Data for this exercise =
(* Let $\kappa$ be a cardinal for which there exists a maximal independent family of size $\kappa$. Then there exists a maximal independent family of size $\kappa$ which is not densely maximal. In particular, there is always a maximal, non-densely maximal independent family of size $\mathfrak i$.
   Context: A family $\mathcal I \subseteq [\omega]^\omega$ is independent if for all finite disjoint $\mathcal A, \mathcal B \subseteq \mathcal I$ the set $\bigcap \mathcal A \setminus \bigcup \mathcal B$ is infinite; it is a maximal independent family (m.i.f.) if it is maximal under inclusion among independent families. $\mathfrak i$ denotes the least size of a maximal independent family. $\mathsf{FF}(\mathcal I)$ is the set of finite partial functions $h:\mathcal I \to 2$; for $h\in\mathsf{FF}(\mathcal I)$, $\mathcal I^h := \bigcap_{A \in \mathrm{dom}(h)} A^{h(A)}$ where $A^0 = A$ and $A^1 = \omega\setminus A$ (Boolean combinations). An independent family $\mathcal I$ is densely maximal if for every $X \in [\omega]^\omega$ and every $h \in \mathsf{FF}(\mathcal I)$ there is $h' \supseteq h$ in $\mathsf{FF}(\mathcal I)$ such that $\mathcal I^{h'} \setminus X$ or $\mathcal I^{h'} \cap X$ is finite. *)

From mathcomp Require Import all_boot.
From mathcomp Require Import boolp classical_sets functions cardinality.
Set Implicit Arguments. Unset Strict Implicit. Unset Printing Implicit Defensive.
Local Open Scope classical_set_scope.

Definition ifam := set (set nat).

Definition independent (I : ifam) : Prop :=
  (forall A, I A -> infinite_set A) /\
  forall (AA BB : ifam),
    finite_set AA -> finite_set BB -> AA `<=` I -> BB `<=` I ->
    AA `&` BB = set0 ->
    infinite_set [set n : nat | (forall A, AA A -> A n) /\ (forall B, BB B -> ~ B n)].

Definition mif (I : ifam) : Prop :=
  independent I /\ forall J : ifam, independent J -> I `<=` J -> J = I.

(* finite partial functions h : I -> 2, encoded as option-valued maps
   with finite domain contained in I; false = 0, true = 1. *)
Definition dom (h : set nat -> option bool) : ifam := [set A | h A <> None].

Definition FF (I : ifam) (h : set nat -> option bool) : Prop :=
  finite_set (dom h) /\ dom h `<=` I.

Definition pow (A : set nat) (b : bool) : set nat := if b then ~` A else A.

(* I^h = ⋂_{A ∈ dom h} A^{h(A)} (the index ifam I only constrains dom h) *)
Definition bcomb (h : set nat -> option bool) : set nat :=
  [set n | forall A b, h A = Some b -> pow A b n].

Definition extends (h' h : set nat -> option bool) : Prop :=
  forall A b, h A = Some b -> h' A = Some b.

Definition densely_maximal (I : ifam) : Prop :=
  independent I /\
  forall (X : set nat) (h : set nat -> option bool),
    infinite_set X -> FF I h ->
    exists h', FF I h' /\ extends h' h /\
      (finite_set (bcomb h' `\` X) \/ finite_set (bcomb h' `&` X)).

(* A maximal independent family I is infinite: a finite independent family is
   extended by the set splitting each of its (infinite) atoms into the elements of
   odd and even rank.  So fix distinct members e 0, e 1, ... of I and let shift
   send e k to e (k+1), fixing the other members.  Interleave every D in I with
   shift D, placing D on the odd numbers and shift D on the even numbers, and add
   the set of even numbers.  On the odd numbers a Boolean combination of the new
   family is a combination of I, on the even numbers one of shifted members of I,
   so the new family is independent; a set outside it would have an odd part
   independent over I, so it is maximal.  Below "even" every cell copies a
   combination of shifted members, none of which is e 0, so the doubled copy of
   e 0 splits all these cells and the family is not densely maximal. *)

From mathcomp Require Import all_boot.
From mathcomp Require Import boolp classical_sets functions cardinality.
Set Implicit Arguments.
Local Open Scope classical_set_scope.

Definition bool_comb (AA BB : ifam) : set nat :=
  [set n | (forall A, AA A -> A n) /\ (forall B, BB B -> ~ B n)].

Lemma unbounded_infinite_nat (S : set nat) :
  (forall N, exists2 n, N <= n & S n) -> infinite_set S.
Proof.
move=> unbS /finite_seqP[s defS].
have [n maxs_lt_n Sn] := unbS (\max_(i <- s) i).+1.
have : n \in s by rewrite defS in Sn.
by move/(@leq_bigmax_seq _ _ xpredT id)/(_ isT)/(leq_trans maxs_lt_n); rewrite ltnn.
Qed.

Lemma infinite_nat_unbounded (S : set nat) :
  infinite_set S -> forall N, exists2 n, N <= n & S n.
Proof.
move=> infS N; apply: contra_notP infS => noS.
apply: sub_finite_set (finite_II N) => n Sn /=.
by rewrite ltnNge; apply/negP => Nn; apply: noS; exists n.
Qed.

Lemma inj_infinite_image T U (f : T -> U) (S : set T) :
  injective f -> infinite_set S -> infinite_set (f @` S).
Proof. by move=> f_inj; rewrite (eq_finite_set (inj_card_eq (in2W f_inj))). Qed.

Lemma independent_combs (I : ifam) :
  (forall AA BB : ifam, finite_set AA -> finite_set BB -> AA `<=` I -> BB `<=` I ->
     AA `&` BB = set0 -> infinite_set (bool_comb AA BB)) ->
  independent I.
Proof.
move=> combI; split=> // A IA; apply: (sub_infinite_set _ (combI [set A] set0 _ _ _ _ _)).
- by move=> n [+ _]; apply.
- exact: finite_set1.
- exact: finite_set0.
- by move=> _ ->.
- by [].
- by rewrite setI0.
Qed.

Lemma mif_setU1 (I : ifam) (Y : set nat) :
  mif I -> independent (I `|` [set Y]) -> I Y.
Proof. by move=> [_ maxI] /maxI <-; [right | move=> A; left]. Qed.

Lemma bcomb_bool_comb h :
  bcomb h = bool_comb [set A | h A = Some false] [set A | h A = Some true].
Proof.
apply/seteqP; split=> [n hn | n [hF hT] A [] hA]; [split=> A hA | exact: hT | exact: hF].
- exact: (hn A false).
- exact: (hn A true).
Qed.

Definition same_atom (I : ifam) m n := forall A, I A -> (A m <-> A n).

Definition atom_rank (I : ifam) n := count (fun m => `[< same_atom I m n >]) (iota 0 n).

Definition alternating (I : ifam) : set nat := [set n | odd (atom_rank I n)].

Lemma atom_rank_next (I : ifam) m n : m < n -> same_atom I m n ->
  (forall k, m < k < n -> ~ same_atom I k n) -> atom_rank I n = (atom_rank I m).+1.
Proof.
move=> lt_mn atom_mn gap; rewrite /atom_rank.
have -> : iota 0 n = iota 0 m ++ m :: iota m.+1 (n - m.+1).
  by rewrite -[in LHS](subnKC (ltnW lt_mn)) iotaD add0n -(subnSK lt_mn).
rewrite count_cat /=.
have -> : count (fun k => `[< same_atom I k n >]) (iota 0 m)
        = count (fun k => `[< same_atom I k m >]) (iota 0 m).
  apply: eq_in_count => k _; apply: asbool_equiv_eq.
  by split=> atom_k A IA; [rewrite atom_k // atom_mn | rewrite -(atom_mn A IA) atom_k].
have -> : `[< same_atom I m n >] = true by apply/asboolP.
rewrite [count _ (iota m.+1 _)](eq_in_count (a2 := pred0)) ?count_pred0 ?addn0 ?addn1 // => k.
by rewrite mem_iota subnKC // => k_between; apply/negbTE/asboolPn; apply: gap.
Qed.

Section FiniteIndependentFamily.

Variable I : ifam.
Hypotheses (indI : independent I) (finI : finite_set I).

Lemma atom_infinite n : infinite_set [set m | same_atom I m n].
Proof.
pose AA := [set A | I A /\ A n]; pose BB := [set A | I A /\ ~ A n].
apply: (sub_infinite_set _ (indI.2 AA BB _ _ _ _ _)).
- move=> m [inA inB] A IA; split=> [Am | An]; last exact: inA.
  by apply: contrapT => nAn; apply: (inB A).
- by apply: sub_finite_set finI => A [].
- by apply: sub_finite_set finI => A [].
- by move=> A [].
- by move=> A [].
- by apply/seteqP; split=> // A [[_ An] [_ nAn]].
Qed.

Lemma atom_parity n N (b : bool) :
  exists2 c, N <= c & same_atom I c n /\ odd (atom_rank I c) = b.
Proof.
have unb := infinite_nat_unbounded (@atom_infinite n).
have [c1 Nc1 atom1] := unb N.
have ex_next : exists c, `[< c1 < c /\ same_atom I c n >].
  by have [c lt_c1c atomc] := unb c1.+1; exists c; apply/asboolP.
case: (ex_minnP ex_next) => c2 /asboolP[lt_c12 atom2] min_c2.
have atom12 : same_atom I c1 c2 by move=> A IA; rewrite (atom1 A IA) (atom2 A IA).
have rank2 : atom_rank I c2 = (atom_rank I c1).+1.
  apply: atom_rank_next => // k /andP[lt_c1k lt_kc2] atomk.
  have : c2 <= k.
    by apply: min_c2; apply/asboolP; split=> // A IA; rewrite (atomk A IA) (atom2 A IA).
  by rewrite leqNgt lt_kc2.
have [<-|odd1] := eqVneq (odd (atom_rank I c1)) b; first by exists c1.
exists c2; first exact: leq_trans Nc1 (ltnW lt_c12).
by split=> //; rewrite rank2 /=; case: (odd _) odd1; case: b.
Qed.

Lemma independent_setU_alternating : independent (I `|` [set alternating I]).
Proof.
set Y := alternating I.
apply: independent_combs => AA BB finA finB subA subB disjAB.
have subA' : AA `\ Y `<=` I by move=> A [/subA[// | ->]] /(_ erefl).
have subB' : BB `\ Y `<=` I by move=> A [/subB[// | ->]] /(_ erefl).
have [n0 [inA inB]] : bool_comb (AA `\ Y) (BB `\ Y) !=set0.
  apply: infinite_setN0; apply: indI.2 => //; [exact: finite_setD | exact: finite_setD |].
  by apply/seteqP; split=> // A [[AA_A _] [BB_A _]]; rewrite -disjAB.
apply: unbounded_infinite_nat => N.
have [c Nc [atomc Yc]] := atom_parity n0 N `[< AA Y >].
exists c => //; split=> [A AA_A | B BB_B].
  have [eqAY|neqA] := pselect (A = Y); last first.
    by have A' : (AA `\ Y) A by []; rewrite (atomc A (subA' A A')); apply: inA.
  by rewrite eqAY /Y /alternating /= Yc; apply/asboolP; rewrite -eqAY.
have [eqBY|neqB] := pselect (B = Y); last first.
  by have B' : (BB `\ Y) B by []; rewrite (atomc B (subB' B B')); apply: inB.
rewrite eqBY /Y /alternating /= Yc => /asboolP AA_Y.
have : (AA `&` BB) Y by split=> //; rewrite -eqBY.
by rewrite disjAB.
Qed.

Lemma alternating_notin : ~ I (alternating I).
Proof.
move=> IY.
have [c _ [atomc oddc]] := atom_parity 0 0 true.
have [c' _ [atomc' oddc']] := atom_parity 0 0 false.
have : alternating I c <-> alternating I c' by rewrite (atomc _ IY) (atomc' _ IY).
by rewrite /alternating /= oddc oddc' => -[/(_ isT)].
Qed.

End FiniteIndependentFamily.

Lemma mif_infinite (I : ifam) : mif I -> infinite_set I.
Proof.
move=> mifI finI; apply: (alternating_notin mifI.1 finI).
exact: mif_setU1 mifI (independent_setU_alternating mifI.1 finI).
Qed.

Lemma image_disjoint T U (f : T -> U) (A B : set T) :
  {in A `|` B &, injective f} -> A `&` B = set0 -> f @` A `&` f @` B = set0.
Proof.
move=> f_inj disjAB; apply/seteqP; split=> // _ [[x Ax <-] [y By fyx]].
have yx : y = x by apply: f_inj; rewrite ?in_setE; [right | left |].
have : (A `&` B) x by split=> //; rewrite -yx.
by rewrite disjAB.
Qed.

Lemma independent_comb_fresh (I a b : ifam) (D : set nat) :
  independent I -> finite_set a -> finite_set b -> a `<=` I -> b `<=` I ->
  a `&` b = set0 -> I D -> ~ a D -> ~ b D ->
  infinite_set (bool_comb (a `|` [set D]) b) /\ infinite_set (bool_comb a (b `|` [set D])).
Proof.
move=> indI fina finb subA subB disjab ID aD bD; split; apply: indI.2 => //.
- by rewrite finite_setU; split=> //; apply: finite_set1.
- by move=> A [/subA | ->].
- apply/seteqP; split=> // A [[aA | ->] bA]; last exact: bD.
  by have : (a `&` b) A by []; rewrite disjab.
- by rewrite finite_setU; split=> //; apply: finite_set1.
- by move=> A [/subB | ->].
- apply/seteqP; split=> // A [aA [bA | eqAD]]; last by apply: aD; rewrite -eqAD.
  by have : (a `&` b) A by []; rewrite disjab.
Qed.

==

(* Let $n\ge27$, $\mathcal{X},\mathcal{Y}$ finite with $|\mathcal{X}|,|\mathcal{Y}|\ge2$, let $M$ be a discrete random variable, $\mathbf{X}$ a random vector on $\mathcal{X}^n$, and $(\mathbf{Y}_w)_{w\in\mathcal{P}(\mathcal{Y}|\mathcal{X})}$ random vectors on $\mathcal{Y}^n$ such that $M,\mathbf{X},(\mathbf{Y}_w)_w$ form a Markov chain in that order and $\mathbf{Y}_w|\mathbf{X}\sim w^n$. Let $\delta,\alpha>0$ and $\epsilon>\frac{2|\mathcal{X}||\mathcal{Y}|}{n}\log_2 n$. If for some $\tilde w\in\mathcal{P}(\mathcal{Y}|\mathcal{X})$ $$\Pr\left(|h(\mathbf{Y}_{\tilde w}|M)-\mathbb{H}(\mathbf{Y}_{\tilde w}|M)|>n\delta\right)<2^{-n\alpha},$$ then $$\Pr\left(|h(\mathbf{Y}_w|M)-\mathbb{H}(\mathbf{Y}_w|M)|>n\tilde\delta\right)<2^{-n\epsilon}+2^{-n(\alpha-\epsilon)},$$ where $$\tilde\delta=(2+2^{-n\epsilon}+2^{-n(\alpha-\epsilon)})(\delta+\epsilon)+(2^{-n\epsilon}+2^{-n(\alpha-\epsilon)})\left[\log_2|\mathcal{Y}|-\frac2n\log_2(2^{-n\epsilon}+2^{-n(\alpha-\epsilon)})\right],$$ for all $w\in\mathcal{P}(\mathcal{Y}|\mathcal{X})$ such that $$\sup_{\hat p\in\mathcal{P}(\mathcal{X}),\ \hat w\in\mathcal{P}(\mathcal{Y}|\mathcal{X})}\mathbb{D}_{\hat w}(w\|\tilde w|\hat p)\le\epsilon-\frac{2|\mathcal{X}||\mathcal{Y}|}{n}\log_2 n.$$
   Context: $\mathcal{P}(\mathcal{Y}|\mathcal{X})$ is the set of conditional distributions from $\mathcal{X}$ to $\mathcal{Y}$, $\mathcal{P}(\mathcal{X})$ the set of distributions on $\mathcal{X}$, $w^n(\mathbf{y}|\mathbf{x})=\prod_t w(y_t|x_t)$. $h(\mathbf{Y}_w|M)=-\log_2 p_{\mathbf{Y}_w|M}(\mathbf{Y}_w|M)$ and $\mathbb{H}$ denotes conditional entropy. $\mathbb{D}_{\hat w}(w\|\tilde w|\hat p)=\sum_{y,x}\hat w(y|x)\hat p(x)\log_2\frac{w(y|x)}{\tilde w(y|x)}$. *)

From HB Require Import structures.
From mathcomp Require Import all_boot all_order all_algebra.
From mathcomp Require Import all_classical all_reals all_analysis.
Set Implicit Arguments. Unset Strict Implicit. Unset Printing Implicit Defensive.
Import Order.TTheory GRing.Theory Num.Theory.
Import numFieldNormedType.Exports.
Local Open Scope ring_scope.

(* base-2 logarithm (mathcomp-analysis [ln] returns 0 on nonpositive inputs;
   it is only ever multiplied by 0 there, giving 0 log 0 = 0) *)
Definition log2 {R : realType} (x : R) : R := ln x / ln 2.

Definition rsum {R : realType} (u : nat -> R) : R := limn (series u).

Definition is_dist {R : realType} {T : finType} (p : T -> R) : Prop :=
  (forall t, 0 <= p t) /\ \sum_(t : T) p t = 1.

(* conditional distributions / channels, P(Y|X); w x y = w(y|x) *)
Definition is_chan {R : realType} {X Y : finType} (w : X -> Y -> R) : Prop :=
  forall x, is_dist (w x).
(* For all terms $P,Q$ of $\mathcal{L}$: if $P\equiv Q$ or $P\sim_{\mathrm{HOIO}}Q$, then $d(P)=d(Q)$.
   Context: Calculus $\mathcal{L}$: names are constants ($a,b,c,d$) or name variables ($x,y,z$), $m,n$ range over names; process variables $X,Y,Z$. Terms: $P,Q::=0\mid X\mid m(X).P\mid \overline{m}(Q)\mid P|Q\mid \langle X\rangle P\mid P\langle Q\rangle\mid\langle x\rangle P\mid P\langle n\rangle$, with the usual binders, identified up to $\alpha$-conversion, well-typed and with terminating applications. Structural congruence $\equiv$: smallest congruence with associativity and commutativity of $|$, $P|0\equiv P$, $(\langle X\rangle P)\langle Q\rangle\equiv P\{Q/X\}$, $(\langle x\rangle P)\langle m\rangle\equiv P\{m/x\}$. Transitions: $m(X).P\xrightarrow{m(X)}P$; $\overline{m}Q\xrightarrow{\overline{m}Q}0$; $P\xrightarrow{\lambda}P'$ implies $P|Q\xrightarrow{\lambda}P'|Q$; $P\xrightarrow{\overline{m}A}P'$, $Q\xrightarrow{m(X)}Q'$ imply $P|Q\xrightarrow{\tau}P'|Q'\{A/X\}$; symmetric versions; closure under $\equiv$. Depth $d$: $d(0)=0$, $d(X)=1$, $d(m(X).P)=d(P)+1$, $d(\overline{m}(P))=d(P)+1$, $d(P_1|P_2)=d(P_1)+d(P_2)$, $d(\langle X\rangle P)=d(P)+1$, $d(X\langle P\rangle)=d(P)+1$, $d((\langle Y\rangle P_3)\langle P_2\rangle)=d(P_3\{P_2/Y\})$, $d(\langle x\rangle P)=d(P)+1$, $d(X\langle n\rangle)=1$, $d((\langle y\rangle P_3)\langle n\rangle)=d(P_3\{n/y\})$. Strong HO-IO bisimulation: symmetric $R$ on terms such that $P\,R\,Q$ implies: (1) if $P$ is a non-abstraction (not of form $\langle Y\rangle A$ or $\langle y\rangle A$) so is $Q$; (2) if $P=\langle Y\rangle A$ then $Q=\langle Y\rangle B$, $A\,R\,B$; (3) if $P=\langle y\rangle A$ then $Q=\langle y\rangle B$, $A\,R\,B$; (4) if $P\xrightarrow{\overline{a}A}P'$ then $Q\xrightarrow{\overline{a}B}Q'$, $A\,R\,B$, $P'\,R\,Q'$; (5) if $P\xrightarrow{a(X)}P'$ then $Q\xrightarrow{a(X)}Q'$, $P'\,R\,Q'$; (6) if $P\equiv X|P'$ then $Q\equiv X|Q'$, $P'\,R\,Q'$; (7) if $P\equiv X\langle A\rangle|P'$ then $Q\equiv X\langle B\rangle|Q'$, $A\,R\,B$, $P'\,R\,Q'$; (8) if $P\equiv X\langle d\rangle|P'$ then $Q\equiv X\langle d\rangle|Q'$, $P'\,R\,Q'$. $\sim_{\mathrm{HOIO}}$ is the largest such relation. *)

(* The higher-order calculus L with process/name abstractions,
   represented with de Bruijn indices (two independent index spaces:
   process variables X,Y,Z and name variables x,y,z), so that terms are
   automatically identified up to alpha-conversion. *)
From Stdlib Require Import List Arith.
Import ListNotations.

Directions =
Each line in the data that holds the string "false" needs to be copied.

Task response =
   with finite domain contained in I; false = 0, true = 1. *)
  bcomb h = bool_comb [set A | h A = Some false] [set A | h A = Some true].
- exact: (hn A false).
have [c' _ [atomc' oddc']] := atom_parity 0 0 false.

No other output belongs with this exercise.